=== TASK PROMPT ===
Report every line from the following entries that contains the string "Definition".

Stored data
# # # # #
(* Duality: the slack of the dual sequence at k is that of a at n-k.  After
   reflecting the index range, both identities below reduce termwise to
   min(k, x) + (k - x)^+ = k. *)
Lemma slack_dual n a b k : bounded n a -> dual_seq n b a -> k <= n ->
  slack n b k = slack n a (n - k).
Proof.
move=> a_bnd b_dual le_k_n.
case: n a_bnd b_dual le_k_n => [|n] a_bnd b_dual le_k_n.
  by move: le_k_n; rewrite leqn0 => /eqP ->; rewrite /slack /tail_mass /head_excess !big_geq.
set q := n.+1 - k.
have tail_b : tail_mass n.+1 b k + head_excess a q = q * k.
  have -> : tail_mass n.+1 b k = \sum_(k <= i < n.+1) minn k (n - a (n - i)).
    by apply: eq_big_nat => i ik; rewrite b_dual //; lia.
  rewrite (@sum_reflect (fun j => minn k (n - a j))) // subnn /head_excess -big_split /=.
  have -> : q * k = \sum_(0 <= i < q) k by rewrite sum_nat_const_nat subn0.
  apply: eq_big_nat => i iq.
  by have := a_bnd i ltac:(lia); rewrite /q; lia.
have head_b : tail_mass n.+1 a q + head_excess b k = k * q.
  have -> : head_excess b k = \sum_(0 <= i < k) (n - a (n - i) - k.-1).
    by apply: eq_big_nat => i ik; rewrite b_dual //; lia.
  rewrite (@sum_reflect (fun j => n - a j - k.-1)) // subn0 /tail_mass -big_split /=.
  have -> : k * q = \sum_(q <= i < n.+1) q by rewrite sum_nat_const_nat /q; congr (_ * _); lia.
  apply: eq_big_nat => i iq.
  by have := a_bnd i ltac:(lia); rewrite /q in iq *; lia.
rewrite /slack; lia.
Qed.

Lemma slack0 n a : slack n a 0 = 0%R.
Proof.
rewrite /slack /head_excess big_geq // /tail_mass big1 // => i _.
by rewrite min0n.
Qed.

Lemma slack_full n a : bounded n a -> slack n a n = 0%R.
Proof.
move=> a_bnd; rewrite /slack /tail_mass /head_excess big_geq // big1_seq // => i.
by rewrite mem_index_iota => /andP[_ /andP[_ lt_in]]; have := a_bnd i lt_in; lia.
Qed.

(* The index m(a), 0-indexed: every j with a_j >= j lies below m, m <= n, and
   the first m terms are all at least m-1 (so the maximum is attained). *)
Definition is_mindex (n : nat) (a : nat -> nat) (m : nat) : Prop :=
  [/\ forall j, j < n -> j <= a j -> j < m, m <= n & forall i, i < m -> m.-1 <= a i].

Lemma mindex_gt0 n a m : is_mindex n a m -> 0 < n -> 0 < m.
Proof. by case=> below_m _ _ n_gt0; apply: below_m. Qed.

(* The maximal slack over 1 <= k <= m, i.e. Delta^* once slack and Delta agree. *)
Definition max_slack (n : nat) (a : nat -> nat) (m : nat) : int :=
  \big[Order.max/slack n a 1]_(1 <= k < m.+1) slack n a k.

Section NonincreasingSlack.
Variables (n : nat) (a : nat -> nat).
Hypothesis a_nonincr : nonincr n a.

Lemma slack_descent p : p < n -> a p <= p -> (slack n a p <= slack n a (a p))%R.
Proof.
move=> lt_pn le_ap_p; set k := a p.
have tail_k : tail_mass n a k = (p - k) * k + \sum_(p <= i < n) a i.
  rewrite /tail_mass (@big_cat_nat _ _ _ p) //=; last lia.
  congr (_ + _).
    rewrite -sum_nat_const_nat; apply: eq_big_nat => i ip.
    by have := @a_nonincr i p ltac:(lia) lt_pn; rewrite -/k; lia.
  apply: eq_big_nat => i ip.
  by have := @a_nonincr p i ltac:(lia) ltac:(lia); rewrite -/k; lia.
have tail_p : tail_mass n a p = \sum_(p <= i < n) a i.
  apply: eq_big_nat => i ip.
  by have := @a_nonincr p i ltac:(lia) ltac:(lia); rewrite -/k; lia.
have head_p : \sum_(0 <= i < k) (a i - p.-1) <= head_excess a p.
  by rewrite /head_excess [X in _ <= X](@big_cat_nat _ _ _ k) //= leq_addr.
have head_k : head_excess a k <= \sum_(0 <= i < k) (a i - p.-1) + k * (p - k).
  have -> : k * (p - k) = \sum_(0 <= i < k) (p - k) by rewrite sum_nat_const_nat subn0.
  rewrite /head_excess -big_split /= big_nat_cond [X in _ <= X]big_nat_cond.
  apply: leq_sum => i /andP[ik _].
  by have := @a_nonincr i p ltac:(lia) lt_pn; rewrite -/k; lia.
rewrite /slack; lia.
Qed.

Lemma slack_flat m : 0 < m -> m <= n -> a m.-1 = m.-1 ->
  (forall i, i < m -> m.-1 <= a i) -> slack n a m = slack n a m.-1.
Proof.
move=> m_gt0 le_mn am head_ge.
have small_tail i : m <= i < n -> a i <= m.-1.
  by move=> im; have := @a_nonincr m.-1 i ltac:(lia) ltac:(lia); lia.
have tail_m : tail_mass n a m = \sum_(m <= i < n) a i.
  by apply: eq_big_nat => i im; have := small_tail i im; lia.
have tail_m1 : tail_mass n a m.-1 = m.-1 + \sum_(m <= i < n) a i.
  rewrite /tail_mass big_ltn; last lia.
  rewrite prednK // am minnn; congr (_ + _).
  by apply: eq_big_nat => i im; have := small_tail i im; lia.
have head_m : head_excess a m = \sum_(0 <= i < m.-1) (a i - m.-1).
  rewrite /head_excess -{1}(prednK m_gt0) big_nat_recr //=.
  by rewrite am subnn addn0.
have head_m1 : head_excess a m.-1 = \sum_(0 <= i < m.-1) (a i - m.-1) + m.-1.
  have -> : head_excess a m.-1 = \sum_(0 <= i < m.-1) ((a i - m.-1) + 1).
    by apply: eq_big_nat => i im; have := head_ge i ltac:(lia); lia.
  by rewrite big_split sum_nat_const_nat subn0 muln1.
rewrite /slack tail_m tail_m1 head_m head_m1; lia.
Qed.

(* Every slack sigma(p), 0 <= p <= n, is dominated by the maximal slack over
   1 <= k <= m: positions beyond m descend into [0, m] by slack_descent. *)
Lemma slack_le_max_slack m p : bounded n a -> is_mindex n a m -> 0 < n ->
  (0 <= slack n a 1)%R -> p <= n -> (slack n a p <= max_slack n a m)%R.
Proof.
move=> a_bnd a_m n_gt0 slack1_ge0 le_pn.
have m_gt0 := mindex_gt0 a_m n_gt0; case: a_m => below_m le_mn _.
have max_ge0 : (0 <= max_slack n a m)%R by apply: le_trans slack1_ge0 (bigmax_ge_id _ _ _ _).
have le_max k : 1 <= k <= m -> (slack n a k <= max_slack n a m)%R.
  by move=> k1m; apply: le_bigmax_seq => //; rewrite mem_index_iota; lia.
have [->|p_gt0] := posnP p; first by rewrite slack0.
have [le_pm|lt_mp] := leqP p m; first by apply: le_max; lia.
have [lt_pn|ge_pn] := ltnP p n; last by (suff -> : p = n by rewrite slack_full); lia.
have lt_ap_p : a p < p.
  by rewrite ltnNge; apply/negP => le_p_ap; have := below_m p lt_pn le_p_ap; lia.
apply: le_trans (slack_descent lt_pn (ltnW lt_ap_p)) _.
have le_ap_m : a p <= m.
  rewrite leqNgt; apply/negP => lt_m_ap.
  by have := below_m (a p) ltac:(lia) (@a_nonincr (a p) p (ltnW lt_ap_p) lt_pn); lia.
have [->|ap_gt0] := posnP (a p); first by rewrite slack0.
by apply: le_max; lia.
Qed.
# # # # #
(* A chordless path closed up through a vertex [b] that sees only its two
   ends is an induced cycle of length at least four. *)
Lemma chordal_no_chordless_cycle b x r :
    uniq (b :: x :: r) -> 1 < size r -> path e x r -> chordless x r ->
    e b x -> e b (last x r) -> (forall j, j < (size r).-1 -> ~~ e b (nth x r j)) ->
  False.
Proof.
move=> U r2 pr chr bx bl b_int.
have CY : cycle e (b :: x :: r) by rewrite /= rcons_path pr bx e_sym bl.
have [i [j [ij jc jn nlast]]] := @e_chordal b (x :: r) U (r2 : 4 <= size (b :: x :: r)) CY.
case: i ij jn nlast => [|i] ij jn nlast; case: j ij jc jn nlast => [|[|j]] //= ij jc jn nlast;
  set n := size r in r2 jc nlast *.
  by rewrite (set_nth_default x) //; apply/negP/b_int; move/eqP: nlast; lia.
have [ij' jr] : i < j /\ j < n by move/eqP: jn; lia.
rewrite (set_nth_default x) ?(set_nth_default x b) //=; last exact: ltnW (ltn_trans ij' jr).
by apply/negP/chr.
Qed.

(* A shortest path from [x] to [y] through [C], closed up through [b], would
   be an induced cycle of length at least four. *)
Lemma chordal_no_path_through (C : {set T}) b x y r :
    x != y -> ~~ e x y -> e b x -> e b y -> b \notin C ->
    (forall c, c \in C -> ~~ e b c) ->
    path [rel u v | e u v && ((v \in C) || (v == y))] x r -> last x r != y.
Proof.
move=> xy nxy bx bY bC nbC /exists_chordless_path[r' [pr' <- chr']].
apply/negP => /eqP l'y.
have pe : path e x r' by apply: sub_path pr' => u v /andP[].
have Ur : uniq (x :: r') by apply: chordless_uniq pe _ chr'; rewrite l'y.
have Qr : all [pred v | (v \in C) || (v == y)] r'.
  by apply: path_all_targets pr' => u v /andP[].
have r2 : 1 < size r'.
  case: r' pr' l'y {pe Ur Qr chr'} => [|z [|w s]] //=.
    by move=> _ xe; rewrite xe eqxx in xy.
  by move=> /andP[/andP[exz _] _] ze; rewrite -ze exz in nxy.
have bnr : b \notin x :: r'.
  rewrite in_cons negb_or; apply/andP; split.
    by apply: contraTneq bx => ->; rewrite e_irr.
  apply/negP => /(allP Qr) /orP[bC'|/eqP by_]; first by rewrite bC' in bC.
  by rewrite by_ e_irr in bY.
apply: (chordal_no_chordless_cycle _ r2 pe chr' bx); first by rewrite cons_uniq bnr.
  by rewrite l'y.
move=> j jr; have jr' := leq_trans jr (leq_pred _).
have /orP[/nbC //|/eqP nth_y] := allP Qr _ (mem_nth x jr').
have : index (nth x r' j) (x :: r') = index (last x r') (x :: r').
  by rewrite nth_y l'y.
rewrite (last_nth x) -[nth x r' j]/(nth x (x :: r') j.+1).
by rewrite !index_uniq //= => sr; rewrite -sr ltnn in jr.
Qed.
# # # # #
=== COMPLETED TASK ===
Definition is_mindex (n : nat) (a : nat -> nat) (m : nat) : Prop :=
Definition max_slack (n : nat) (a : nat -> nat) (m : nat) : int :=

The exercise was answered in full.